Lemma mulmx_trmxC_eq0 m n (M : 'M[C]_(m, n)) : M *m M^t* = 0 -> M = 0.
Proof.
rewrite -{1}[M]trmxCK => /trmxC_mulmx_eq0 /(congr1 (fun X => X^t*)).
by rewrite trmxCK trmxC0.
Qed.

Lemma mxrank_mulmx_trmxC m n (A : 'M[C]_(m, n)) : \rank (A *m A^t*) = \rank A.
Proof.
apply/eqP; rewrite eqn_leq mxrankM_maxl /=.
set Z := kermx (A *m A^t*).
have ZA0 : Z *m A = 0.
  by apply: mulmx_trmxC_eq0; rewrite trmxC_mul mulmxA -(mulmxA Z) mulmx_ker mul0mx.
have : (Z <= kermx A)%MS by rewrite sub_kermx ZA0.
move/mxrankS; rewrite !mxrank_ker.
have := rank_leq_row A; have := rank_leq_row (A *m A^t*).
lia.
Qed.

Lemma mxrank_trmxC_mulmx m n (A : 'M[C]_(m, n)) : \rank (A^t* *m A) = \rank A.
Proof.
by rewrite -{2}[A]trmxCK mxrank_mulmx_trmxC mxrank_map mxrank_tr.
Qed.

Lemma cnorm2_gt0 n (w : 'cV[C]_n) : w != 0 -> 0 < (w^t* *m w) 0 0.
Proof.
move=> w_neq0; rewrite lt_def; apply/andP; split.
  apply: contra w_neq0 => /eqP w0; apply/eqP/trmxC_mulmx_eq0.
  by apply/matrixP => i j; rewrite !ord1 w0 mxE.
by rewrite mxE sumr_ge0 // => k _; rewrite !mxE mulrC mul_conjC_ge0.
Qed.

Local Notation "B ^!" :=
  (orthomx Num.conj (mx_of_hermitian (hermitian1mx _)) B) : matrix_set_scope.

----

:: Task to carry out ::
All lines from the beginning of the listing through the one with "move=> w_neq0; rewrite" are to be restated word for word, and only those.

:: Expected answer ::
Lemma mulmx_trmxC_eq0 m n (M : 'M[C]_(m, n)) : M *m M^t* = 0 -> M = 0.
Proof.
rewrite -{1}[M]trmxCK => /trmxC_mulmx_eq0 /(congr1 (fun X => X^t*)).
by rewrite trmxCK trmxC0.
Qed.

Lemma mxrank_mulmx_trmxC m n (A : 'M[C]_(m, n)) : \rank (A *m A^t*) = \rank A.
Proof.
apply/eqP; rewrite eqn_leq mxrankM_maxl /=.
set Z := kermx (A *m A^t*).
have ZA0 : Z *m A = 0.
  by apply: mulmx_trmxC_eq0; rewrite trmxC_mul mulmxA -(mulmxA Z) mulmx_ker mul0mx.
have : (Z <= kermx A)%MS by rewrite sub_kermx ZA0.
move/mxrankS; rewrite !mxrank_ker.
have := rank_leq_row A; have := rank_leq_row (A *m A^t*).
lia.
Qed.

Lemma mxrank_trmxC_mulmx m n (A : 'M[C]_(m, n)) : \rank (A^t* *m A) = \rank A.
Proof.
by rewrite -{2}[A]trmxCK mxrank_mulmx_trmxC mxrank_map mxrank_tr.
Qed.

Lemma cnorm2_gt0 n (w : 'cV[C]_n) : w != 0 -> 0 < (w^t* *m w) 0 0.
Proof.
move=> w_neq0; rewrite lt_def; apply/andP; split.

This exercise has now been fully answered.